Filters: Autocluster

Autocluster

Summary

Motivation

Often we have more labels that we really want. People like simple maps with 3-10 factors. 30 is about the maximum number you can possibly squeeze onto a map, and if you do you’ll not want more than 30 or 40 links.
BUT for overview summaries we want to provide maps with a high link coverage, close to 100%, meaning that nearly all the original links are actually included in the current map. Otherwise we are just showing a small selection of what people actually said.
One way to do this is with zooming. It’s a way to reduce the number of factors while retaining the link coverage (because we don’t throw away links, we only reroute them to higher level factors).
BUT zooming requires hierarchical factor labelling.
Disadvantages:
  • It is a lot of work
  • It means taking a lot of decisions about what hierarchy best fits the data
  • It doesn’t help where our coding (manual or auto) has produced parent factors with similar meaning eg Improved Health and Better Health.
  • It doesn’t help where our coding (manual or auto) has produced other factors which might fit into the hierarchy but aren’t labelled as such eg Mental health; more optimistic might fit well under Improved Health.

Solution

The idea of autoclustering is to take all the factor labels and group them into clusters with similar meaning.
notion image
  • Use the slider to choose a “granularity” level between 0 and 100. Usually only values between 40 and 70 are interesting.
    • A more permissive value like 45 means that smaller clusters are joined together into a smaller number of larger clusters. Lower values mean fewer factors without losing link coverage, which is good, but there is a danger of clustering dissimilar things together, which is bad.
    • A very strict value like 65 means that only very similar labels are clustered together into quite a large number of small clusters.
    • The best granularity level depends a bit on the number of factors, so with a smaller file you might get good results at around 50, and with a larger file around 60.

Clustering method

You can now choose the clustering method. Previously we had been using “complete” but we now support (and suggest as default) the “average” method. We found that “complete” is more likely to produce confusingly similar clusters like “Economic factors” and “Economic issues”, whereas “average” produces larger clusters, which is good because far more of the data (the original causal links) are included.
The items in the dropdown refer to the means of calculating the distance between clusters in order to join them, except for kmeans which refers to a completely different clustering method. Kmeans is very quick but does not usually produce good results.

Labelling

Usually you will keep the Labels control set to new.

Labels = new

As well as clustering the factors, the app then also tries to choose a good label for them. It chooses the label of one of the factors in each cluster as a label for the whole cluster, picking one which is both typical in meaning but also short.
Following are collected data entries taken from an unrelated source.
Lemma local_braid_confluence a b c : is_gen a -> is_gen b -> a != b -> mc c ->
  U a c != c -> U b c != c -> exists sa sb, braid_join c a b sa sb.
Proof.
wlog ab : a b / a < b => [hyp ga gb nab mcc ma mb | ga gb _ mcc ma mb].
  case: (ltngtP a b) => [ab | ba | eab]; [exact: hyp | | by rewrite eab eqxx in nab].
  have [sa [sb [gs ? ? ? ?]]] := hyp b a ba gb ga (negbT (ltn_eqF ba)) mcc mb ma.
  by exists sb, sa; split=> //; [rewrite all_cat andbC -all_cat | apply: rst_sym].
have [far | ] := boolP (a.+2 <= b).
  have comm : U a (U b c) = U b (U a c) by rewrite U_comm ?far.
  exists [:: b], [:: a]; split=> /=; rewrite ?ga ?gb //.
  - apply/restless_cons; split; last exact: restless_nil.
    exact: U_moves_comm ga gb (negbT (ltn_eqF ab)) mcc comm mb.
  - apply/restless_cons; split; last exact: restless_nil.
    exact: U_moves_comm gb ga (negbT (gtn_eqF ab)) mcc (esym comm) ma.
  - by apply/rst_step/(bs_comm [::] [::]); rewrite far.
rewrite -ltnNge ltnS => ba; have eb : b = a.+1 by apply/eqP; rewrite eqn_leq ab ba.
subst b.
have a0 : 0 < a by move: ga; rewrite /is_gen; lia.
have an : a.+1 < n by move: gb; rewrite /is_gen; lia.
have [Ra Rb] := restless_braid a0 an mcc ma mb.
exists [:: a; a.+1], [:: a.+1; a]; split; rewrite /= ?ga ?gb //.
  by rewrite !applyw_cons !applyw_nil U_braid.
exact/rst_step/(bs_braid [::] [::]).
Qed.

Variable m0 : {ffun 'I_n.+1 -> T}.
Hypothesis m0_fixed : forall i, is_gen i -> U i m0 = m0.

Lemma applyw_m0 u : all is_gen u -> applyw u m0 = m0.
Proof. by elim: u => //= i u IH /andP[gi /IH]; rewrite applyw_cons => ->; apply: m0_fixed. Qed.

Lemma restless_m0 p : all is_gen p -> restless U p m0 -> p = [::].
Proof.
case: p => //= i p /andP[gi gp] /restless_cons[+ _].
by rewrite applyw_m0 // m0_fixed ?eqxx.
Qed.

Lemma applyw_wlong_m0 u c : all is_gen u -> mc c -> applyw u c = m0 -> applyw wlong c = m0.
Proof. by move=> gu mcc Eu; rewrite -(applyw_wlong gu mcc) Eu applyw_m0 // wlong_gen. Qed.

Definition braid_unique_upto k := forall c p q, mc c -> all is_gen p -> all is_gen q ->
  restless U p c -> restless U q c -> applyw p c = m0 -> applyw q c = m0 ->
  size p <= k -> braid_equiv p q.

Lemma braid_equiv_rcons k c p q a b sa sb : braid_unique_upto k -> mc c ->
  is_gen a -> is_gen b -> all is_gen p -> all is_gen q ->
  restless U p (U a c) -> restless U q (U b c) ->
  applyw p (U a c) = m0 -> applyw q (U b c) = m0 -> size p <= k ->
  braid_join c a b sa sb -> braid_equiv (rcons p a) (rcons q b).
Proof.
move=> IH mcc ga gb gp gq Rp Rq Ep Eq pk [].
rewrite all_cat => /andP[gsa gsb] Rsa Rsb Eab Bab.
have [mca mcb] := (U_maxchain ga mcc, U_maxchain gb mcc).
have z_m0 : applyw wlong (applyw sa (U a c)) = m0.
  have := @applyw_wlong (sa ++ [:: a]) c.
  rewrite applyw_cat applyw_cons applyw_nil all_cat gsa /= ga => -> //.
  by apply: (@applyw_wlong_m0 (rcons p a)); rewrite ?all_rcons ?ga // -cats1 applyw_cat.
have [v [gv Ev Rv]] := exists_restless (applyw sa (U a c)) wlong_gen.
rewrite z_m0 in Ev.
have Epv : braid_equiv p (v ++ sa).
  apply: IH mca gp _ Rp _ Ep _ pk; rewrite ?all_cat ?gv ?applyw_cat //.
  exact/restless_cat.
have Evq : braid_equiv (v ++ sb) q.
  apply: IH mcb _ gq _ Rq _ Eq _; rewrite ?all_cat ?gv ?applyw_cat -?Eab //.
    by apply/restless_cat; rewrite -Eab.
  move: (braid_equiv_size Epv) (braid_equiv_size Bab).
  by rewrite !size_cat !addn1 => size_p [<-]; rewrite -size_p.
rewrite -!cats1.
apply: rst_trans (braid_equiv_cat Epv (rst_refl _ _ [:: a])) _; rewrite -catA.
apply: rst_trans (braid_equiv_cat (rst_refl _ _ v) Bab) _; rewrite catA.
exact: braid_equiv_cat Evq (rst_refl _ _ _).
Qed.

Lemma braid_unique_upto_all k : braid_unique_upto k.
Proof.
elim: k => [|k IH] c p q mcc gp gq Rp Rq Ep Eq pk.
  case: p gp Rp pk Ep => // _ _ _; rewrite applyw_nil => Ec; subst c.
  by rewrite (restless_m0 gq Rq); apply: rst_refl.
have [Ec | nc] := eqVneq c m0.
  subst c; rewrite (restless_m0 gp Rp) (restless_m0 gq Rq); exact: rst_refl.
case/lastP: p gp Rp Ep pk => [_ _ | p a].
  by rewrite applyw_nil => Ec; rewrite Ec eqxx in nc.
case/lastP: q gq Rq Eq => [_ _ | q b].
  by rewrite applyw_nil => Ec; rewrite Ec eqxx in nc.
rewrite !all_rcons -!cats1 !restless_cat !applyw_cat size_cat addn1 ltnS.
move=> /andP[gb gq] [Rq /restless_cons[mb _]] Eq /andP[ga gp] [Rp /restless_cons[ma _]] Ep pk.
have [eab | nab] := eqVneq a b.
  subst b; apply: braid_equiv_cat (rst_refl _ _ _).
  exact: IH (U_maxchain ga mcc) gp gq Rp Rq Ep Eq pk.
have [sa [sb J]] := local_braid_confluence ga gb nab mcc ma mb.
rewrite !cats1; exact: braid_equiv_rcons IH mcc ga gb gp gq Rp Rq Ep Eq pk J.
Qed.

Lemma restless_braid_equiv c p q : mc c -> all is_gen p -> all is_gen q ->
  restless U p c -> restless U q c -> applyw p c = m0 -> applyw q c = m0 ->
  braid_equiv p q.
Proof.
move=> mcc gp gq Rp Rq Ep Eq.
exact: (braid_unique_upto_all mcc gp gq Rp Rq Ep Eq (leqnn _)).
Qed.

End HeckeAction.

Theorem mainTheorem11 (T : finType) (le : rel T) (bot top : T) (rk : T -> nat)
  (n : nat) (U : nat -> {ffun 'I_n.+1 -> T} -> {ffun 'I_n.+1 -> T})
  (m0 m : {ffun 'I_n.+1 -> T}) (w w' : seq nat) :
  is_poset le -> graded le bot top rk n -> bowtie_free le ->
  good_action le bot top rk U ->
  maxchain le bot top m0 -> (forall i, (0 < i < n)%N -> U i m0 = m0) ->
  maxchain le bot top m -> m != m0 ->
  all (fun i => (0 < i < n)%N) w -> all (fun i => (0 < i < n)%N) w' ->
  applyw U w m = m0 -> applyw U w' m = m0 ->
  restless U w m -> restless U w' m ->
  exists (p q : seq nat) (i : nat),
    braid_equiv w (rcons p i) /\ braid_equiv w' (rcons q i).
Proof.
move=> _ _ bowtie [HU _] _ m0_fixed mcm nm gw gw' Ew Ew' Rw Rw'.
have Eww' := restless_braid_equiv HU bowtie m0_fixed mcm gw gw' Rw Rw' Ew Ew'.
case/lastP: w {gw Rw} Ew Eww' => [|p i].
  by rewrite applyw_nil => Em; rewrite Em eqxx in nm.
by exists p, p, i; split; [apply: rst_refl | apply: rst_sym].
Qed.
Overall:
  • The app usually does a good job of clustering the factors, as long as you are careful not to be too permissive; or if you do set a permissive granularity value, be careful how you interpret the results.
  • The app does not do a very good job of finding a suitable label for each cluster without zooming, however the top-level parts of the labels are usually good.
  • You can check what factors are included in each cluster by clicking as usual on a factor in the map. You will see that there is now a button called Recode and underneath it, an editable label automatically chosen for the cluster, and a list of the factors included in the cluster.
notion image
  • The number N shows the number of factors in the cluster.
  • The clusters are listed in order of descending N.
  • Here are some bad things to look out for. If you see more than a few of them, increase the granularity.
    • Things with positive and negative valence in the same cluster
    • Increases and decreases of the same thing in the same cluster
    • The app has focused on the second level more than the first level, so for example it puts things like Improved health; children, More problems; children, Need for education; children in the same cluster.
You can autocluster at any point in the transform chain, so for example it is also possible to zoom to level 1 first and then autocluster just the top-level labels.

Saving your label sets

It is not possible to reassign factors between clusters, and you probably won’t want to. But for publication and presentation purposes, you may well want to provide nicer labels than those auto generated by the app.
If you want to make changes to the labels, you can save them in a label set.
The label sets are saved to the server but are separate from the file. So they are not, for example, restored if you restore an earlier version of the file.
Label sets should get applied correctly if you save a view of your file, using a particular label set, in
The Library
The Library
.
Each label set has a unique number.
You can create and edit label sets either from the factor modal which you see either when clicking on a factor or by clicking Manage button in the transforms widget:
notion image
As soon as you press the Save icon in either dialog:
  • if Label sets is set to new , you create a new label set - even if you have only changed one thing.
  • if Label sets is set to a number, you are editing an existing label set.
From the Manage dialog, you can even save your changes to a different label set:
notion image
  • so for example if you were editing set 13, and select new , and press the Save icon, you will create a new label set containing your changes.
 
For each file you can have as many “relabel sets” as you want.
 
If you select an existing label set, then the set with the number you selected becomes active, and the factors will be grouped into clusters specified in your selected label set and given the label specified in that label set. The granularity slider is then ignored.